Heat oil and ghee in a pan, when it is hot add the mustard, once they splutter add urid dhal and drained channa dhal.

Quicly add in ginger,green chilly and cashewnut.

Add the sooji and roast for few minutes until the nice aroma comes out.
switch off and let it cool.

Just before making add the yougurt, water and salt to the sooji mixture.


Add the Eno fruit salt, you should see the bubbles appearing. Mix well.

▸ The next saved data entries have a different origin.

Lemma mxtrace_completing_square :
  let Z := W - t *: (R *m W *m Gi) in
  \tr (herm W *m W) =
    \tr (herm Z *m Z) + 2 * t * \tr (R *m (W *m Gi *m herm W)) - t ^+ 2 * \tr Gi.
Proof.
move=> Z.
have Gi_herm : herm Gi = Gi.
  by rewrite hermV !hermM hermK R_herm !mulmxA.
have hZ : herm Z = herm W - t *: (Gi *m herm W *m R).
  by rewrite hermB hermZ t_real !hermM Gi_herm R_herm mulmxA.
rewrite hZ /Z mulmxBl !mulmxBr !raddfB /= -!scalemxAl -!scalemxAr !scalerA !linearZ /=.
set X := \tr (R *m (W *m Gi *m herm W)).
have -> : \tr (herm W *m (R *m W *m Gi)) = X by rewrite /X mxtrace_mulC !mulmxA.
have -> : \tr (Gi *m herm W *m R *m W) = X.
  by rewrite /X mxtrace_mulC !mulmxA mxtrace_mulC !mulmxA.
have -> : Gi *m herm W *m R *m (R *m W *m Gi) = Gi.
  by rewrite -[RHS]mul1mx -[X in X *m Gi](mulVmx G_unit) !mulmxA.
ring.
Qed.

End CompletingSquare.

Section GramProjection.
Variables (C : numClosedFieldType) (m L : nat) (W : 'M[C]_(m, L)) (d : 'I_m -> C).
Hypotheses (d_ge0 : forall k, 0 <= d k) (G_unit : herm W *m diagf d *m W \in unitmx).
Local Notation Gi := (invmx (herm W *m diagf d *m W)).
Local Notation T := (W *m Gi *m herm W).

Let d_real k : d k \is Num.real. Proof. exact: ger0_real. Qed.

Lemma gram_proj_herm : herm T = T.
Proof.
by rewrite !hermM hermV !hermM hermK (herm_diagf_real d_real) !mulmxA.
Qed.

(* The [k]-th diagonal entry of [T D T = T], using [T^H = T]. *)
Lemma gram_proj_diagE k : T k k = \sum_j d j * ((T j k)^* * T j k).
Proof.
have TDT : T *m diagf d *m T = T.
  have -> : T *m diagf d *m T = W *m (Gi *m (herm W *m diagf d *m W)) *m Gi *m herm W.
    by rewrite !mulmxA.
  by rewrite mulVmx // mulmx1.
rewrite -{1}TDT mxE; apply: eq_bigr => j _.
by rewrite mul_mx_diagfE -{1}gram_proj_herm hermE mulrCA mulrA.
Qed.

Lemma gram_proj_diag_ge0 k : 0 <= T k k.
Proof.
rewrite gram_proj_diagE; apply: sumr_ge0 => j _.
by rewrite mulr_ge0 // mulrC mul_conjC_ge0.
Qed.

Lemma gram_proj_diag_le1 k : d k * T k k <= 1.
Proof.
have : d k * ((T k k)^* * T k k) <= T k k.
  rewrite [leRHS]gram_proj_diagE (bigD1 k) //= lerDl; apply: sumr_ge0 => j _.
  by rewrite mulr_ge0 // mulrC mul_conjC_ge0.
rewrite conj_Creal ?ger0_real ?gram_proj_diag_ge0 //.
have [->|Tk0] := eqVneq (T k k) 0; first by rewrite !mulr0 => _; apply: ler01.
have Tk_gt0 : 0 < T k k by rewrite lt_def Tk0 gram_proj_diag_ge0.
by rewrite mulrA -{3}(mul1r (T k k)) ler_pM2r.
Qed.

Lemma gram_proj_diag_sum : \sum_k d k * T k k = L%:R.
Proof.
rewrite -mxtrace_diagf_mul !mulmxA mxtrace_mulC !mulmxA mulmxV //.
by rewrite mxtrace1.
Qed.

End GramProjection.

Pour them to your idli moudls and steam the same way like making regular idlies.
I steamed for 7 to 8 minutes.

Serve hot with cutney or sambar of your choice!!

Notes:
If the mixture is too thick, idly won't be soft.
Usually yogurt and water are equal proportion. Increase or decrease them to make the batter look like regular idly batter.
Make the idly immediately after addign the ENO fruit salt.
you can add finely chopped vegetables of your choice to this batter.